──────── The input

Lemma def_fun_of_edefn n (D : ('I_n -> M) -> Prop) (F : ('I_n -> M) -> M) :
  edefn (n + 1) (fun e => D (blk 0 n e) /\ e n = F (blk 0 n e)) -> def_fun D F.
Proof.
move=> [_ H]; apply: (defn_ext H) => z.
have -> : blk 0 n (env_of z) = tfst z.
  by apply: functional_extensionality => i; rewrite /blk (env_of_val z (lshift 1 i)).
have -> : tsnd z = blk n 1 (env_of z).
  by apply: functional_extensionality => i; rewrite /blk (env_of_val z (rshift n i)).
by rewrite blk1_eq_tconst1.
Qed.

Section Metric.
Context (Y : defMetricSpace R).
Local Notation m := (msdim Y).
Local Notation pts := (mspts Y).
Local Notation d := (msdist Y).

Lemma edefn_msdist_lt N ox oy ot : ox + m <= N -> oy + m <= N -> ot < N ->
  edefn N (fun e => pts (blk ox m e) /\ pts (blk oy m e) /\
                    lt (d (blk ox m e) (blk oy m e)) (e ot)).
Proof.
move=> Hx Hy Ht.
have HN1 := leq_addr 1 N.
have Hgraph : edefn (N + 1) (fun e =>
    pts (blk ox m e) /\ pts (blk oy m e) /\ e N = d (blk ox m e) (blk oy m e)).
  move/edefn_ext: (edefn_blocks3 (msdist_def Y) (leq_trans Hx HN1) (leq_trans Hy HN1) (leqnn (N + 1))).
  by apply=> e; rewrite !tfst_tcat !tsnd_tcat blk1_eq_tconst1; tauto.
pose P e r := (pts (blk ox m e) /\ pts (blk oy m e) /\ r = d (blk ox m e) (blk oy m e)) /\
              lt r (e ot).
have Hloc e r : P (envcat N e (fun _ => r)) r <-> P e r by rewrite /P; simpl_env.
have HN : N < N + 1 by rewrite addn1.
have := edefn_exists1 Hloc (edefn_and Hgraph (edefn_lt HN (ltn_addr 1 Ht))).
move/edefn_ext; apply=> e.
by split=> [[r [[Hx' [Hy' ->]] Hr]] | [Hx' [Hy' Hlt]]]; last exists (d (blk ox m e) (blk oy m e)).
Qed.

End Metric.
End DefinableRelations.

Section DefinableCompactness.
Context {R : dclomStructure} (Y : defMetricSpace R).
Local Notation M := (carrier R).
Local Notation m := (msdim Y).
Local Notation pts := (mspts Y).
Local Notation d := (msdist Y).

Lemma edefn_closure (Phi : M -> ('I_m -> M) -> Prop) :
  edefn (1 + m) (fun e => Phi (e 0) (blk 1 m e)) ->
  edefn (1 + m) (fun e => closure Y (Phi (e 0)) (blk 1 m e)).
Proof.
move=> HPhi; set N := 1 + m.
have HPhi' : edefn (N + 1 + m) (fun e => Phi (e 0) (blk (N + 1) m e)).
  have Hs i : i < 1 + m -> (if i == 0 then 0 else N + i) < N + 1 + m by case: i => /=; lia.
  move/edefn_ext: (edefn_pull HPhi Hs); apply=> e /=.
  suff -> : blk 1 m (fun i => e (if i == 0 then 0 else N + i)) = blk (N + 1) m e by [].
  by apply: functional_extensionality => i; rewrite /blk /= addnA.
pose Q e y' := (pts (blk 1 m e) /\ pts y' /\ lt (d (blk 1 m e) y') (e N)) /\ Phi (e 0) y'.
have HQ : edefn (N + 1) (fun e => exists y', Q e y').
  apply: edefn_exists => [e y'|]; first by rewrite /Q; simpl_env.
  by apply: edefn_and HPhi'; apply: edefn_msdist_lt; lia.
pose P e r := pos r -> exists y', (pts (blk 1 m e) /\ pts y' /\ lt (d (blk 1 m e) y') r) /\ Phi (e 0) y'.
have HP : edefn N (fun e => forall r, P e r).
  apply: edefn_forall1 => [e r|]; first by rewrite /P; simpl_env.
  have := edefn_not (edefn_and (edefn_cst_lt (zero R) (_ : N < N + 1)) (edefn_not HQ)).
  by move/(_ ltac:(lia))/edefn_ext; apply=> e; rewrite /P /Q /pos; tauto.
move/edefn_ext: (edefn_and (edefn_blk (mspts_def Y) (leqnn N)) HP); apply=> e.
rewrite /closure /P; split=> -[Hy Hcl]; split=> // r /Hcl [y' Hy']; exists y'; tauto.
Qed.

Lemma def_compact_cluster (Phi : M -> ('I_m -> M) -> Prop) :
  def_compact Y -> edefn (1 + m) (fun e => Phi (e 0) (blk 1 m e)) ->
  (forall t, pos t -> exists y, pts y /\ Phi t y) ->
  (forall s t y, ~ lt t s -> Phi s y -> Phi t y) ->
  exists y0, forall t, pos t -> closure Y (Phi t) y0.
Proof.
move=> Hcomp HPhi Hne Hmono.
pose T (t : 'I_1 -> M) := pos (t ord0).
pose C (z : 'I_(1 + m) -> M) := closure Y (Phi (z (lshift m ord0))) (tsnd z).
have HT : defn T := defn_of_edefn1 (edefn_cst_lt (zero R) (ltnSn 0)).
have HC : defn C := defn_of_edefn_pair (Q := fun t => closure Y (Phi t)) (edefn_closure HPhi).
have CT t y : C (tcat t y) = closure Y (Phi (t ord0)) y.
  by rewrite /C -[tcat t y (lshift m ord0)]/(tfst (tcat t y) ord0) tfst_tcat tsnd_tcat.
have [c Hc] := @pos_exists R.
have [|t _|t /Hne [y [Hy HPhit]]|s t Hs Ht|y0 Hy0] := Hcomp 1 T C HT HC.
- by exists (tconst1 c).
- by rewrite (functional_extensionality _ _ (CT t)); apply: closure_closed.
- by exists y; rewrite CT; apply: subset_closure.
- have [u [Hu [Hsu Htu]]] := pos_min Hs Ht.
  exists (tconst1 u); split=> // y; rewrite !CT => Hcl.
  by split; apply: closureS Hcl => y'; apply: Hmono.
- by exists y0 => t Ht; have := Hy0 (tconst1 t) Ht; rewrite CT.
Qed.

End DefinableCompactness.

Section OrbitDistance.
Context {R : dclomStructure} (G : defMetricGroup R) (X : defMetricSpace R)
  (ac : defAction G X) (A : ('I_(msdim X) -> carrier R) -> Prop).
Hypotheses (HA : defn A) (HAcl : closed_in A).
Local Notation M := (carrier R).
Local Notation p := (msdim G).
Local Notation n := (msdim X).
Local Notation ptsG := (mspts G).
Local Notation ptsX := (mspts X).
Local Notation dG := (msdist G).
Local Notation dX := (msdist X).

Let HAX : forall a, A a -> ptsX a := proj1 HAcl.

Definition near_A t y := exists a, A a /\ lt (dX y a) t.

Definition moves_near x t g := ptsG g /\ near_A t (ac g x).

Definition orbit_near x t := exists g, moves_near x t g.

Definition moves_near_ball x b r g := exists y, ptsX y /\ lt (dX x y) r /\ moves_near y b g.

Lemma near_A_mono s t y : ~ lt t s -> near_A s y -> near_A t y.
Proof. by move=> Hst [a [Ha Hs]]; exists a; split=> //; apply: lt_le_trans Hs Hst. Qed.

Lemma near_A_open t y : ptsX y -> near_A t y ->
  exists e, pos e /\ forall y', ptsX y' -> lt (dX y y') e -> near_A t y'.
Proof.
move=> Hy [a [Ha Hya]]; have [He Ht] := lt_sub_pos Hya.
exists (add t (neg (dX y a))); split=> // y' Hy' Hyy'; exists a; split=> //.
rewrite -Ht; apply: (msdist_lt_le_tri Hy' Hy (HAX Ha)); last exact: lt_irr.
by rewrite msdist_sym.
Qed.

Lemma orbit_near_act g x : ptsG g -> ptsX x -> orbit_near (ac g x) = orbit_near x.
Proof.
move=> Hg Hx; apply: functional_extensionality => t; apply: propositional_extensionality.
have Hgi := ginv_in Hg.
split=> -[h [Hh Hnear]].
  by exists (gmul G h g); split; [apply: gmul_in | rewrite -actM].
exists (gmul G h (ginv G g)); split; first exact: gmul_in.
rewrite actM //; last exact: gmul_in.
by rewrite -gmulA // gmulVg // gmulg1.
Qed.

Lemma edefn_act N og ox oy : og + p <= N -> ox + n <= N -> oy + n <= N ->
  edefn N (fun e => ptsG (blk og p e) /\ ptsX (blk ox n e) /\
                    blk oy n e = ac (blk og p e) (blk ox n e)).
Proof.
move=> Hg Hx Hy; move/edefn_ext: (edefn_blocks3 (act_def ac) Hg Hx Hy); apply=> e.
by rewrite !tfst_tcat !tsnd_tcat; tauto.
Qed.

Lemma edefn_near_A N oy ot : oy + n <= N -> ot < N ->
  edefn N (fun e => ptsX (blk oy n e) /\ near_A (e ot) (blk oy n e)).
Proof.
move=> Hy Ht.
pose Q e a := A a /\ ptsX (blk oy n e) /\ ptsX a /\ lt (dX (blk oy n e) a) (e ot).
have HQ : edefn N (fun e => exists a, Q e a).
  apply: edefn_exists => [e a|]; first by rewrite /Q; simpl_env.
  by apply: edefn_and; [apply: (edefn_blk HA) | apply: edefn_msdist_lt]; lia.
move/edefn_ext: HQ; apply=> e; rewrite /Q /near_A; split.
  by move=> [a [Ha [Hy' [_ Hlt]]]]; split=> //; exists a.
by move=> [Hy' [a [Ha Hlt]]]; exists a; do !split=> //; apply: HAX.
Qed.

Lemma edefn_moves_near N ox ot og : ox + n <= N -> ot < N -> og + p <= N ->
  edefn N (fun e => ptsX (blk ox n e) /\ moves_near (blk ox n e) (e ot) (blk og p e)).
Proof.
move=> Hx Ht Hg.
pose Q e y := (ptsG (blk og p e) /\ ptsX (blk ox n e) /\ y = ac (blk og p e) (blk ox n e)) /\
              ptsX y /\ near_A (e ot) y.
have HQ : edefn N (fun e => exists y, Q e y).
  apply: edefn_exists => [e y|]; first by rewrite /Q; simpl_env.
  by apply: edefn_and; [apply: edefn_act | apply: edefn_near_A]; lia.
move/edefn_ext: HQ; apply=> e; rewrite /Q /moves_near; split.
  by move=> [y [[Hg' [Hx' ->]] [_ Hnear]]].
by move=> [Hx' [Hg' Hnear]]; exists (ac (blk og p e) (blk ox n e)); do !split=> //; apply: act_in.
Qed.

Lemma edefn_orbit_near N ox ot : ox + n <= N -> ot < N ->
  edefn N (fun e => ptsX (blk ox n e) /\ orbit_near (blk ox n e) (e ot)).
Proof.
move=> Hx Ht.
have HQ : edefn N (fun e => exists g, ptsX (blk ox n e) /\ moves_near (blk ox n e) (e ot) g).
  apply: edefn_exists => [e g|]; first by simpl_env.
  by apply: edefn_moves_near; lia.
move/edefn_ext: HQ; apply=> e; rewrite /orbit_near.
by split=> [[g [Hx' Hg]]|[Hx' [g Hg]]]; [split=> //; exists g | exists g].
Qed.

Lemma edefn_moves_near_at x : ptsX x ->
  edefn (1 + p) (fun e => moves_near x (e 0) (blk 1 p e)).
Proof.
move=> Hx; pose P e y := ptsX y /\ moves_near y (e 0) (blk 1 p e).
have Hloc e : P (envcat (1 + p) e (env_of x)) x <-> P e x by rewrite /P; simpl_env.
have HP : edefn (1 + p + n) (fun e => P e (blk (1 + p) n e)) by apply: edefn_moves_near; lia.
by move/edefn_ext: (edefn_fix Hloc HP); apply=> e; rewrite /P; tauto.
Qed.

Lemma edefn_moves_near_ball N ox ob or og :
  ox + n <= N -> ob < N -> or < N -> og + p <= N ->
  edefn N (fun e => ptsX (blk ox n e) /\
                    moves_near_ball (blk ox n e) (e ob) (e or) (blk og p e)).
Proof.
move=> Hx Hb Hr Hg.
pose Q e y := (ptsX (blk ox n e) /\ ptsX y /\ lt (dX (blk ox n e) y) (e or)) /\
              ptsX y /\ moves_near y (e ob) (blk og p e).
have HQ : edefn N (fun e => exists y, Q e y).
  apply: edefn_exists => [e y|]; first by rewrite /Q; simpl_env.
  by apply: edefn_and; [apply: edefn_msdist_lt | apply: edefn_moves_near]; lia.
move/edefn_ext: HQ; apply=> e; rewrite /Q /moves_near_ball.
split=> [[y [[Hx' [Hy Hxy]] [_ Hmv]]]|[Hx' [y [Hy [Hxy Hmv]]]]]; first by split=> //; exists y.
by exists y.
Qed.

────────────────

Within the entries, how many lines contain the word "dclomStructure"? Answer with a number alone.

2